» Stored data entries:
=== Section Start ===

(* Fix $0<\alpha<1/2$. Consider the random binary tree generated by the following process: start from a single root node of depth $0$; each node $\Omega$ of depth $d(\Omega)$ is split into two children independently with probability $p_{split}(\Omega)=\alpha^{d(\Omega)}$, and otherwise becomes a leaf. Let $K$ be the number of leaves of the resulting tree. Then there exist constants $C>0$ and $C_K>0$ such that for all integers $k\ge 2$, $$\mathbb{P}(K>k)\le C\, e^{-C_K\, k\log k}.$$
   Context: $K=(X+1)/2$, where $X$ is the total number of nodes of the tree. *)

From Stdlib Require Import Reals List.
Import ListNotations.
Open Scope R_scope.

Inductive btree : Type :=
| Leaf : btree
| Node : btree -> btree -> btree.

Fixpoint leaves (t : btree) : nat :=
  match t with
  | Leaf => 1%nat
  | Node l r => (leaves l + leaves r)%nat
  end.

(** Probability that the splitting process started from a node of depth [d]
    produces exactly the (finite) tree [t]: a node of depth d splits with
    probability alpha^d, independently, otherwise it is a leaf. *)
Fixpoint tree_prob (alpha : R) (d : nat) (t : btree) : R :=
  match t with
  | Leaf => 1 - alpha ^ d
  | Node l r => alpha ^ d * tree_prob alpha (S d) l * tree_prob alpha (S d) r
  end.

(** All binary trees with exactly [n] leaves (each listed once);
    [fuel] bounds the recursion and [fuel = n] suffices. *)
Fixpoint trees_fuel (fuel n : nat) : list btree :=
  match fuel with
  | O => []
  | S f =>
      match n with
      | O => []
      | S O => [Leaf]
      | _ =>
          flat_map (fun i =>
            flat_map (fun l => map (fun r => Node l r) (trees_fuel f (n - i)))
                     (trees_fuel f i))
            (seq 1 (n - 1))
      end
  end.

Definition trees_with_leaves (n : nat) : list btree := trees_fuel n n.

Definition sumR (l : list R) : R := fold_right Rplus 0 l.

Definition prob_K_le (alpha : R) (k : nat) : R :=
  sumR (map (fun j => sumR (map (tree_prob alpha 0) (trees_with_leaves j)))
            (seq 1 k)).

(** P(K > k) = 1 - P(K <= k) (this also counts the null event of an infinite tree). *)
Definition prob_K_gt (alpha : R) (k : nat) : R := 1 - prob_K_le alpha k.

(* Let K_d be the number of leaves of the process started at a node of depth d, and fix
   lam >= 1.  Conditioning on the first split, the truncated moments
   E[lam^(min K_d (n+1))] satisfy  M_d(n+1) <= (1 - a^d) lam + a^d M_(d+1)(n)^2,
   because the leaf count of a split node is the sum of two independent copies of
   K_(d+1).  Once a^d * 4 lam <= 1 the squaring costs nothing, so by induction
   M_0 <= (2 lam)^(2^D).  Markov's inequality then bounds P(K > k) by
   (2 lam)^(2^D) lam^-(k+1); taking 2^D about k/4 and lam = a^-D / 4, which is at
   least k^(1/6) because a < 1/2, gives exp(-k ln k / 12). *)

From Stdlib Require Import Reals Lra Lia Psatz List.
Import ListNotations.
Open Scope R_scope.

Lemma sumR_app l1 l2 : sumR (l1 ++ l2) = sumR l1 + sumR l2.
Proof. induction l1; simpl; [ring | rewrite IHl1; ring]. Qed.

Lemma sumR_map_scal {A} c (f : A -> R) l :
  sumR (map (fun x => c * f x) l) = c * sumR (map f l).
Proof. induction l; simpl; [ring | rewrite IHl; ring]. Qed.

Lemma sumR_map_plus {A} (f g : A -> R) l :
  sumR (map (fun x => f x + g x) l) = sumR (map f l) + sumR (map g l).
Proof. induction l; simpl; [ring | rewrite IHl; ring]. Qed.

Lemma sumR_map_single {A} (f : A -> R) x : sumR (map f [x]) = f x.
Proof. simpl; ring. Qed.

Lemma sumR_map_ext {A} (f g : A -> R) l :
  (forall x, In x l -> f x = g x) -> sumR (map f l) = sumR (map g l).
Proof. intros H; f_equal; apply map_ext_in; auto. Qed.

Lemma sumR_map_le {A} (f g : A -> R) l :
  (forall x, In x l -> f x <= g x) -> sumR (map f l) <= sumR (map g l).
Proof.
  induction l as [|x l IH]; simpl; intros H; [lra|].
  assert (f x <= g x) by auto. assert (sumR (map f l) <= sumR (map g l)) by auto. lra.
Qed.

Lemma sumR_map_nonneg {A} (f : A -> R) l :
  (forall x, In x l -> 0 <= f x) -> 0 <= sumR (map f l).
Proof.
  induction l as [|x l IH]; simpl; intros H; [lra|].
  assert (0 <= f x) by auto. assert (0 <= sumR (map f l)) by auto. lra.
Qed.

Lemma sumR_flat_map {A B} (f : B -> R) (g : A -> list B) l :
  sumR (map f (flat_map g l)) = sumR (map (fun x => sumR (map f (g x))) l).
Proof. induction l; simpl; [reflexivity | rewrite map_app, sumR_app, IHl; reflexivity]. Qed.

Lemma pow_le_1 a n : 0 <= a <= 1 -> a ^ n <= 1.
Proof. intros Ha. rewrite <- (pow1 n). apply pow_incr; exact Ha. Qed.

Lemma pow_le_pow_of_le_1 a m n : 0 <= a <= 1 -> (m <= n)%nat -> a ^ n <= a ^ m.
Proof.
  intros Ha Hmn. replace n with (m + (n - m))%nat by lia. rewrite pow_add.
  pose proof (pow_le_1 a (n - m) Ha). pose proof (pow_le a m (proj1 Ha)). nra.
Qed.

Lemma exp_le x y : x <= y -> exp x <= exp y.
Proof. intros [H | ->]; [left; apply exp_increasing; exact H | lra]. Qed.

Lemma trees_fuel_SS f n :
  trees_fuel (S f) (S (S n)) =
  flat_map (fun i => flat_map (fun l => map (Node l) (trees_fuel f (S (S n) - i)))
                              (trees_fuel f i))
           (seq 1 (S n)).
Proof. reflexivity. Qed.

Lemma trees_fuel_S f n : (n <= f)%nat -> trees_fuel (S f) n = trees_fuel f n.
Proof.
  revert n; induction f as [|f IH]; intros n Hn.
  - replace n with 0%nat by lia; reflexivity.
  - destruct n as [|[|n]]; try reflexivity.
    rewrite !trees_fuel_SS, !flat_map_concat_map. f_equal.
    apply map_ext_in. intros i Hi. apply in_seq in Hi.
    rewrite (IH i), (IH (S (S n) - i)%nat) by lia. reflexivity.
Qed.

Lemma trees_fuel_enough f n : (n <= f)%nat -> trees_fuel f n = trees_with_leaves n.
Proof.
  induction f as [|f IH]; intros Hn.
  - replace n with 0%nat by lia; reflexivity.
  - destruct (Nat.eq_dec n (S f)) as [-> | Hne]; [reflexivity|].
    rewrite trees_fuel_S by lia. apply IH; lia.
Qed.

Definition leaves_pmf (a : R) (d n : nat) : R :=
  sumR (map (tree_prob a d) (trees_with_leaves n)).

Lemma leaves_pmf_1 a d : leaves_pmf a d 1 = 1 - a ^ d.
Proof. unfold leaves_pmf, trees_with_leaves; simpl; ring. Qed.

Lemma leaves_pmf_split a d n : (2 <= n)%nat ->
  leaves_pmf a d n =
  a ^ d * sumR (map (fun i => leaves_pmf a (S d) i * leaves_pmf a (S d) (n - i))
                    (seq 1 (n - 1))).
Proof.
  intros Hn. destruct n as [|[|m]]; try lia.
  unfold leaves_pmf, trees_with_leaves. rewrite trees_fuel_SS.
  rewrite sumR_flat_map, <- sumR_map_scal. apply sumR_map_ext. intros i Hi. apply in_seq in Hi.
  rewrite sumR_flat_map, !trees_fuel_enough by lia.
  set (p := tree_prob a (S d)).
  transitivity (sumR (map (fun l => (a ^ d * sumR (map p (trees_with_leaves (S (S m) - i))))
                                    * p l) (trees_with_leaves i))).
  - apply sumR_map_ext. intros l _. rewrite map_map. cbn [tree_prob]. fold p.
    rewrite (sumR_map_scal (a ^ d * p l)). ring.
  - rewrite sumR_map_scal. ring.
Qed.

Lemma tree_prob_nonneg a d t : 0 <= a <= 1 -> 0 <= tree_prob a d t.
Proof.
  intros Ha. revert d; induction t as [|l IHl r IHr]; intros d; simpl.
  - pose proof (pow_le_1 a d Ha). lra.
  - pose proof (pow_le a d (proj1 Ha)). pose proof (IHl (S d)). pose proof (IHr (S d)).
    apply Rmult_le_pos; [apply Rmult_le_pos|]; assumption.
Qed.

Lemma leaves_pmf_nonneg a d n : 0 <= a <= 1 -> 0 <= leaves_pmf a d n.
Proof. intros Ha. apply sumR_map_nonneg. intros t _. apply tree_prob_nonneg, Ha. Qed.

Definition conv_sum (s w : nat -> R) (m : nat) : R :=
  sumR (map (fun i => sumR (map (fun j => s i * s j * w (i + j)%nat) (seq 1 (S m - i))))
            (seq 1 m)).

Definition corner_sum (s w : nat -> R) (m : nat) : R :=
  sumR (map (fun i => sumR (map (fun j => s i * s j * w (i + j)%nat)
                                (seq (S (S m - i)) (pred i))))
            (seq 1 m)).

Lemma sum_antidiagonals (h : nat -> nat -> R) m :
  sumR (map (fun n => sumR (map (fun i => h i (n - i)%nat) (seq 1 (n - 1)))) (seq 2 m)) =
  sumR (map (fun i => sumR (map (fun j => h i j) (seq 1 (S m - i)))) (seq 1 m)).
Proof.
  induction m as [|m IH]; [reflexivity|].
  rewrite (seq_S m 2), map_app, sumR_app, IH, sumR_map_single.
  rewrite (seq_S m 1), map_app, sumR_app, sumR_map_single.
  replace (2 + m - 1)%nat with (S m) by lia.
  replace (S (S m) - (1 + m))%nat with 1%nat by lia.
  rewrite (seq_S m 1), map_app, sumR_app, sumR_map_single.
  replace (2 + m - (1 + m))%nat with 1%nat by lia.
  assert (E : sumR (map (fun i => sumR (map (fun j => h i j) (seq 1 (S (S m) - i)))) (seq 1 m)) =
              sumR (map (fun i => sumR (map (fun j => h i j) (seq 1 (S m - i)))) (seq 1 m)) +
              sumR (map (fun i => h i (2 + m - i)%nat) (seq 1 m))).
  { rewrite <- sumR_map_plus. apply sumR_map_ext. intros i Hi. apply in_seq in Hi.
    replace (S (S m) - i)%nat with (S (S m - i)) by lia.
    rewrite seq_S, map_app, sumR_app, sumR_map_single.
    replace (1 + (S m - i))%nat with (2 + m - i)%nat by lia. reflexivity. }
  rewrite E. simpl (seq 1 1). rewrite sumR_map_single. ring.
Qed.

Lemma square_split s w m :
  sumR (map (fun i => sumR (map (fun j => s i * s j * w (i + j)%nat) (seq 1 m))) (seq 1 m)) =
  conv_sum s w m + corner_sum s w m.
Proof.
  unfold conv_sum, corner_sum. rewrite <- sumR_map_plus.
  apply sumR_map_ext. intros i Hi. apply in_seq in Hi.
  replace (seq 1 m) with (seq 1 (S m - i + pred i)) by (f_equal; lia).
  rewrite seq_app, map_app, sumR_app. reflexivity.
Qed.

Lemma square_mul s (w : nat -> R) l : (forall i j, w (i + j)%nat = w i * w j) ->
  sumR (map (fun i => sumR (map (fun j => s i * s j * w (i + j)%nat) l)) l) =
  sumR (map (fun i => s i * w i) l) ^ 2.
Proof.
  intros Hw. cbn [pow]. rewrite Rmult_1_r, <- sumR_map_scal.
  apply sumR_map_ext. intros i _. rewrite Rmult_comm, <- sumR_map_scal.
  apply sumR_map_ext. intros j _. rewrite Hw. ring.
Qed.

Lemma corner_sum_scal_le s v w c m : (forall i, 0 <= s i) ->
  (forall n, (S m < n)%nat -> c * v n <= w n) ->
  c * corner_sum s v m <= corner_sum s w m.
Proof.
  intros Hs Hvw. unfold corner_sum. rewrite <- sumR_map_scal.
  apply sumR_map_le. intros i Hi. apply in_seq in Hi. rewrite <- sumR_map_scal.
  apply sumR_map_le. intros j Hj. apply in_seq in Hj.
  assert (0 <= s i * s j) by (apply Rmult_le_pos; auto).
  assert (c * v (i + j)%nat <= w (i + j)%nat) by (apply Hvw; lia). nra.
Qed.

=== Section End ===

» TASK TO CARRY OUT: An exact copy of the lines above between the line holding "rewrite (IH i), (IH" and the line holding "Lemma leaves_pmf_nonneg a", inclusive, is the whole answer.

» EXERCISE SOLUTION:
    rewrite (IH i), (IH (S (S n) - i)%nat) by lia. reflexivity.
Qed.

Lemma trees_fuel_enough f n : (n <= f)%nat -> trees_fuel f n = trees_with_leaves n.
Proof.
  induction f as [|f IH]; intros Hn.
  - replace n with 0%nat by lia; reflexivity.
  - destruct (Nat.eq_dec n (S f)) as [-> | Hne]; [reflexivity|].
    rewrite trees_fuel_S by lia. apply IH; lia.
Qed.

Definition leaves_pmf (a : R) (d n : nat) : R :=
  sumR (map (tree_prob a d) (trees_with_leaves n)).

Lemma leaves_pmf_1 a d : leaves_pmf a d 1 = 1 - a ^ d.
Proof. unfold leaves_pmf, trees_with_leaves; simpl; ring. Qed.

Lemma leaves_pmf_split a d n : (2 <= n)%nat ->
  leaves_pmf a d n =
  a ^ d * sumR (map (fun i => leaves_pmf a (S d) i * leaves_pmf a (S d) (n - i))
                    (seq 1 (n - 1))).
Proof.
  intros Hn. destruct n as [|[|m]]; try lia.
  unfold leaves_pmf, trees_with_leaves. rewrite trees_fuel_SS.
  rewrite sumR_flat_map, <- sumR_map_scal. apply sumR_map_ext. intros i Hi. apply in_seq in Hi.
  rewrite sumR_flat_map, !trees_fuel_enough by lia.
  set (p := tree_prob a (S d)).
  transitivity (sumR (map (fun l => (a ^ d * sumR (map p (trees_with_leaves (S (S m) - i))))
                                    * p l) (trees_with_leaves i))).
  - apply sumR_map_ext. intros l _. rewrite map_map. cbn [tree_prob]. fold p.
    rewrite (sumR_map_scal (a ^ d * p l)). ring.
  - rewrite sumR_map_scal. ring.
Qed.

Lemma tree_prob_nonneg a d t : 0 <= a <= 1 -> 0 <= tree_prob a d t.
Proof.
  intros Ha. revert d; induction t as [|l IHl r IHr]; intros d; simpl.
  - pose proof (pow_le_1 a d Ha). lra.
  - pose proof (pow_le a d (proj1 Ha)). pose proof (IHl (S d)). pose proof (IHr (S d)).
    apply Rmult_le_pos; [apply Rmult_le_pos|]; assumption.
Qed.

Lemma leaves_pmf_nonneg a d n : 0 <= a <= 1 -> 0 <= leaves_pmf a d n.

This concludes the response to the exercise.